Players are able to choose between eight characters, and pick up to three to simultaneously fight in one battle. Having one character will give you a much stronger fighter, while having two or three will give you variety, but weaker combatants. In other words, the characters you choose will even out in damage and health. This is a great tool to use if you're able to play multiple characters. If you're only good with one, there's no real imbalance either, as you'll have just about the same amount of health as one player using three characters.

PRESENTATION
This game is probably the best looking 2D sprite fighter I've ever played. The artwork, 3D rendered backgrounds and high resolution character designs are so stylish and colorful, there truly isn't anything not to like about its visuals. The game is just so beautifully animated.

Michiru Yamane, who's mostly known for her work on Konami's Castlevania series, worked on the game's fantastic, jazzy sounding score. The voice acting is also great, packed with tons of one-liners and catch phrases.

But although the game's presentation is probably its greatest strength, there was one thing that kind of irked me, which would be the over sexualized outfits. Sure, bouncing breasts and upskirts are nothing new in the fighting game genre, but this game really emphasizes on all the characters' anatomy a bit too much. The fanservice is just a overdone if you ask me.

REPLAY VALUE
Any fighting game enthusiast will find this game appealing, for both for it's awesome visuals and deep gameplay. There's an online multiplayer, which many players will find most of their time on, as well as a tutorial to brush up on skills. Unfortunately, there isn't anything more than that. There's a story mode that kind of gives you a glimpse of the Skullgirls universe, but other than that, the game doesn't offer much else.

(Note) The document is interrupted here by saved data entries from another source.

Lemma compl_coord_U v (i : 'I_n) : v \in U -> (u <= i)%N -> (v *m Q) 0 i = 0.
Proof.
case/compl_mx_U => x -> hx ui; rewrite mulmxK ?compl_mx_unit //.
by apply: contraTeq ui => /hx; rewrite -ltnNge.
Qed.

Lemma compl_coord_W v (i : 'I_n) : v \in W -> (i < u)%N -> (v *m Q) 0 i = 0.
Proof.
case/compl_mx_W => x -> hx iu; rewrite mulmxK ?compl_mx_unit //.
by apply: contraTeq iu => /hx; rewrite -leqNgt.
Qed.

Definition compl_dual (i : 'I_n) : 'I_n -> k := fun j => Q j i.

Lemma dderiv_compl_dual_U m p (i : 'I_n) :
  in_sym U m p -> (u <= i)%N -> dderiv (compl_dual i) p = 0.
Proof.
move=> pU ui; apply: (dderiv_in_sym_eq0 _ pU) => v vU.
by have := compl_coord_U vU ui; rewrite mxE.
Qed.

Lemma dderiv_compl_dual_W m p (i : 'I_n) :
  in_sym W m p -> (i < u)%N -> dderiv (compl_dual i) p = 0.
Proof.
move=> pW iu; apply: (dderiv_in_sym_eq0 _ pW) => v vW.
by have := compl_coord_W vW iu; rewrite mxE.
Qed.

Lemma grad_span_summands m m' p1 p2 : in_sym U m p1 -> in_sym W m' p2 ->
  forall l, grad_span (p1 + p2) (mderiv l p1) /\ grad_span (p1 + p2) (mderiv l p2).
Proof.
move=> p1U p2W l; rewrite !(mderiv_dual_decomp _ l compl_mx_unit) !grad_spanE.
split; apply: span_fam_sum => i _; apply: span_famZ; case: (ltnP i u) => iu.
- rewrite -[dderiv _ p1]addr0 -(dderiv_compl_dual_W p2W iu) -raddfD.
  exact: grad_span_dderiv.
- by rewrite (dderiv_compl_dual_U p1U iu); exact: span_fam0.
- by rewrite (dderiv_compl_dual_W p2W iu); exact: span_fam0.
- rewrite -[dderiv _ p2]add0r -(dderiv_compl_dual_U p1U iu) -raddfD.
  exact: grad_span_dderiv.
Qed.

On the main menu though, when you highlight the "Extras" section, it does mention artwork and some other features "coming soon," so I guess we'll be expecting more content in the future. Possibly a couple of modes, and maybe some new characters.

OTHER STUFF
The only beef I had with this game was the final boss. If there was one thing I remembered from any fighting game during my childhood, it would have to be how difficult some of the final bosses were. There was Shao Kahn from Mortal Kombat 2, Kouryu from Last Blade 2, Orochi from King of Fighters '97... and now you can throw in Marie to the list. I don't ever remember ever being this frustrated with a last boss. Oh well, fighting games aren't about single player though, so it's not a biggie. Still, I warn you, going toe to toe with this little girl is not for the faint of heart.

CONCLUSION
Although Skullgirls is a downloadable game, there's so much here that earns it to be just was respected as any high profile fighting game out there. It's probably the best looking 2D fighter I've ever seen, and with a diverse cast of characters, coupled with a fairly deep combo system, Skullgirls is no doubt a well-rounded, yet technical fighter for everyone to enjoy.